(* Phi : S_k -> A~, for E in S_k given as a function of its k arguments
   (a symmetric function, so it is evaluated on a list of the k points) *)
Definition Phi (N k : nat) (E : seq C -> C) : opalg N :=
  fun e w =>
    if [forall r, e r <= 0] && (\sum_(r < N) absz (e r) == k)%N
    then Phi_coef E (fun r => absz (e r)) w else 0.

(* iota : A~ -> B,  w_r |-> x_r^{-1} q^{-1/2},  D_r^{-1} |-> Gamma_r *)
Definition iotaAB (N : nat) (A : opalg N) : opalg N :=
  fun e x => A (fun r => - e r) (fun r => (x r)^-1 * qh^-1).

(* symmetric Laurent polynomial g = p / (x_1 ... x_a)^d *)
Definition laurent_eval (a : nat) (p : {mpoly C[a]}) (d : nat) (y : 'I_a -> C) : C :=
  p.@[y] / (\prod_(i < a) y i) ^+ d.

Definition Etilde (a : nat) (p : {mpoly C[a]}) (d : nat) (xs : seq C) : C :=
  let x := fun i : 'I_a => nth 0 xs i in
  q3 ^- ((a * (a - 1)) %/ 2) * (q1^-1 - 1) ^+ a *
  (\prod_(r < a) \prod_(s < a | s != r) (x r - q1^-1 * x s)) * laurent_eval p d x /
  (\prod_(r < a) \prod_(s < a | s != r) (x r - x s)).

Definition Pg (a : nat) (p : {mpoly C[a]}) (d : nat) (y : 'I_a -> C) : C :=
  laurent_eval p d (fun i => qh^-1 * (y i)^-1).

Definition Amac (N a : nat) (P : ('I_a -> C) -> C) : opalg N :=
  fun e x =>
    ((a`!)%:R * ((N - a)`!)%:R)^-1 *
    \sum_(s : 'S_N)
      (if [forall j, e j == (if ((s^-1)%g j < a)%N then 1%Z else 0%Z)]
       then P (fun i : 'I_a => nth 0 [seq x (s j) | j <- enum 'I_N] i) *
            \prod_(i < N | (i < a)%N) \prod_(j < N | (a <= j)%N)
              ((theta * x (s i) - theta^-1 * x (s j)) / (x (s i) - x (s j)))
       else 0).

End Defs.

From mathcomp Require Import all_boot all_algebra all_fingroup.
From mathcomp Require Import ring mpoly zify.
Import GRing.Theory Num.Theory.
Set Implicit Arguments. Unset Strict Implicit. Unset Printing Implicit Defensive.

(* Compare the coefficients of Gamma^e at a point x off the zero set of
   [nondegenerate_mpoly], where no denominator vanishes.  Phi(E~_alpha(g)) only
   has monomials D^-m with |m| = alpha.  If some m_r >= 2, the evaluation points
   contain both w_r and w_r q1^-1, and the factor (x_r - q1^-1 x_s) of E~_alpha
   vanishes; so only m = 1_S with |S| = alpha survives, as on the Macdonald
   side, where the alpha!(N-alpha)! permutations s with s({1..alpha}) = S all
   give the same term.  For such S the Y-factors between S and its complement
   give theta^(alpha(N-alpha)) times the Macdonald cross-ratios, each ordered
   pair inside S contributes the constant q^(1/2) q2^(1/2) t / q, whose square
   is q3 = t/q and cancels the q3-power of E~_alpha, and the prefactors
   -(1 - q1^-1)^-1 and q1^-1 - 1 cancel. *)

Definition perm_head (N a : nat) (s : 'S_N) : {set 'I_N} := [set j | (s^-1)%g j < a].

Section PermHead.
Variables (N a : nat).
Implicit Types (s : 'S_N) (S : {set 'I_N}).

Lemma card_perm_head s : a <= N -> #|perm_head a s| = a.
Proof.
move=> leq_aN; rewrite -sum1_card (eq_bigl (fun j => (s^-1)%g j < a)) => [|j]; last by rewrite inE.
rewrite (reindex_inj (@perm_inj _ s)) (eq_bigl (fun i : 'I_N => i < a)) => [|i]; last first.
  by rewrite permK.
by rewrite -(big_ord_widen_cond _ xpredT (fun _ => 1)) // sum1_card card_ord.
Qed.

Lemma perm_headP S : #|S| = a -> exists s, perm_head a s = S.
Proof.
move=> cardS; pose l := enum S ++ enum (~: S).
have size_l : size l = N by rewrite size_cat -!cardE cardsC card_ord.
have mem_l j : j \in l by rewrite mem_cat !mem_enum inE orbN.
have index_lt j : index j l < N by rewrite -[X in _ < X]size_l index_mem.
have index_inj : injective (fun j => Ordinal (index_lt j)).
  move=> j k /(congr1 val) /= ejk.
  by rewrite -(nth_index j (mem_l j)) ejk nth_index.
exists (perm index_inj)^-1%g; apply/setP => j; rewrite inE invgK permE /= index_cat mem_enum.
case: ifPn => [jS|jNS]; first by rewrite -cardS cardE index_mem mem_enum.
by rewrite -cardE cardS ltnNge leq_addr.
Qed.

Lemma perm_head_mulg s s0 s1 :
  perm_head a s = perm_head a s0 -> perm_head a (s * (s0^-1 * s1))%g = perm_head a s1.
Proof.
move=> es; apply/setP => j; rewrite !inE !invMg !permM invgK.
have := congr1 (fun X : {set 'I_N} => s0 ((s1^-1)%g j) \in X) es; rewrite /= !inE => ->.
by rewrite permK.
Qed.

Lemma card_perm_head_fiber_le S0 S1 : #|S0| = a -> #|S1| = a ->
  #|[set s | perm_head a s == S0]| <= #|[set s | perm_head a s == S1]|.
Proof.
move=> /perm_headP[s0 <-] /perm_headP[s1 <-].
rewrite -(card_imset _ (mulIg (s0^-1 * s1)%g)); apply/subset_leq_card/subsetP => y.
by case/imsetP=> s; rewrite !inE => /eqP es ->; rewrite perm_head_mulg.
Qed.

Lemma card_perm_head_fiber S : a <= N -> #|S| = a ->
  #|[set s | perm_head a s == S]| = (a`! * (N - a)`!)%N.
Proof.
move=> leq_aN cardS; pose fiber S' := #|[set s | perm_head a s == S']|.
have fiberE S' : #|S'| = a -> fiber S' = fiber S.
  by move=> cardS'; apply/eqP; rewrite eqn_leq !card_perm_head_fiber_le.
have sum_fiber : \sum_(S' in [set S' : {set 'I_N} | #|S'| == a]) fiber S' = N`!.
  rewrite -card_Sn -sum1_card.
  rewrite (partition_big (perm_head a) (mem [set S' : {set 'I_N} | #|S'| == a])) /=.
    by apply: eq_bigr => S' _; rewrite /fiber -sum1_card; apply: eq_bigl => s; rewrite inE.
  by move=> s _; rewrite inE card_perm_head.
have binN : 0 < 'C(N, a) by rewrite bin_gt0.
apply/eqP; rewrite -(eqn_pmul2l binN) bin_fact // -sum_fiber.
rewrite (eq_bigr (fun _ => fiber S)) => [|S']; last by rewrite inE => /eqP /fiberE.
by rewrite sum_nat_const card_draws card_ord mulnC.
Qed.

End PermHead.

Local Open Scope ring_scope.

Section OffDiagonal.
Variables (R : comPzRingType) (a : nat).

····················

## Work order
Stop at the line containing "From mathcomp Require Import all_boot". Please print exactly every line before it from the start of the records, plus that line itself, and nothing else.

## Solution for this exercise
(* Phi : S_k -> A~, for E in S_k given as a function of its k arguments
   (a symmetric function, so it is evaluated on a list of the k points) *)
Definition Phi (N k : nat) (E : seq C -> C) : opalg N :=
  fun e w =>
    if [forall r, e r <= 0] && (\sum_(r < N) absz (e r) == k)%N
    then Phi_coef E (fun r => absz (e r)) w else 0.

(* iota : A~ -> B,  w_r |-> x_r^{-1} q^{-1/2},  D_r^{-1} |-> Gamma_r *)
Definition iotaAB (N : nat) (A : opalg N) : opalg N :=
  fun e x => A (fun r => - e r) (fun r => (x r)^-1 * qh^-1).

(* symmetric Laurent polynomial g = p / (x_1 ... x_a)^d *)
Definition laurent_eval (a : nat) (p : {mpoly C[a]}) (d : nat) (y : 'I_a -> C) : C :=
  p.@[y] / (\prod_(i < a) y i) ^+ d.

Definition Etilde (a : nat) (p : {mpoly C[a]}) (d : nat) (xs : seq C) : C :=
  let x := fun i : 'I_a => nth 0 xs i in
  q3 ^- ((a * (a - 1)) %/ 2) * (q1^-1 - 1) ^+ a *
  (\prod_(r < a) \prod_(s < a | s != r) (x r - q1^-1 * x s)) * laurent_eval p d x /
  (\prod_(r < a) \prod_(s < a | s != r) (x r - x s)).

Definition Pg (a : nat) (p : {mpoly C[a]}) (d : nat) (y : 'I_a -> C) : C :=
  laurent_eval p d (fun i => qh^-1 * (y i)^-1).

Definition Amac (N a : nat) (P : ('I_a -> C) -> C) : opalg N :=
  fun e x =>
    ((a`!)%:R * ((N - a)`!)%:R)^-1 *
    \sum_(s : 'S_N)
      (if [forall j, e j == (if ((s^-1)%g j < a)%N then 1%Z else 0%Z)]
       then P (fun i : 'I_a => nth 0 [seq x (s j) | j <- enum 'I_N] i) *
            \prod_(i < N | (i < a)%N) \prod_(j < N | (a <= j)%N)
              ((theta * x (s i) - theta^-1 * x (s j)) / (x (s i) - x (s j)))
       else 0).

End Defs.

From mathcomp Require Import all_boot all_algebra all_fingroup.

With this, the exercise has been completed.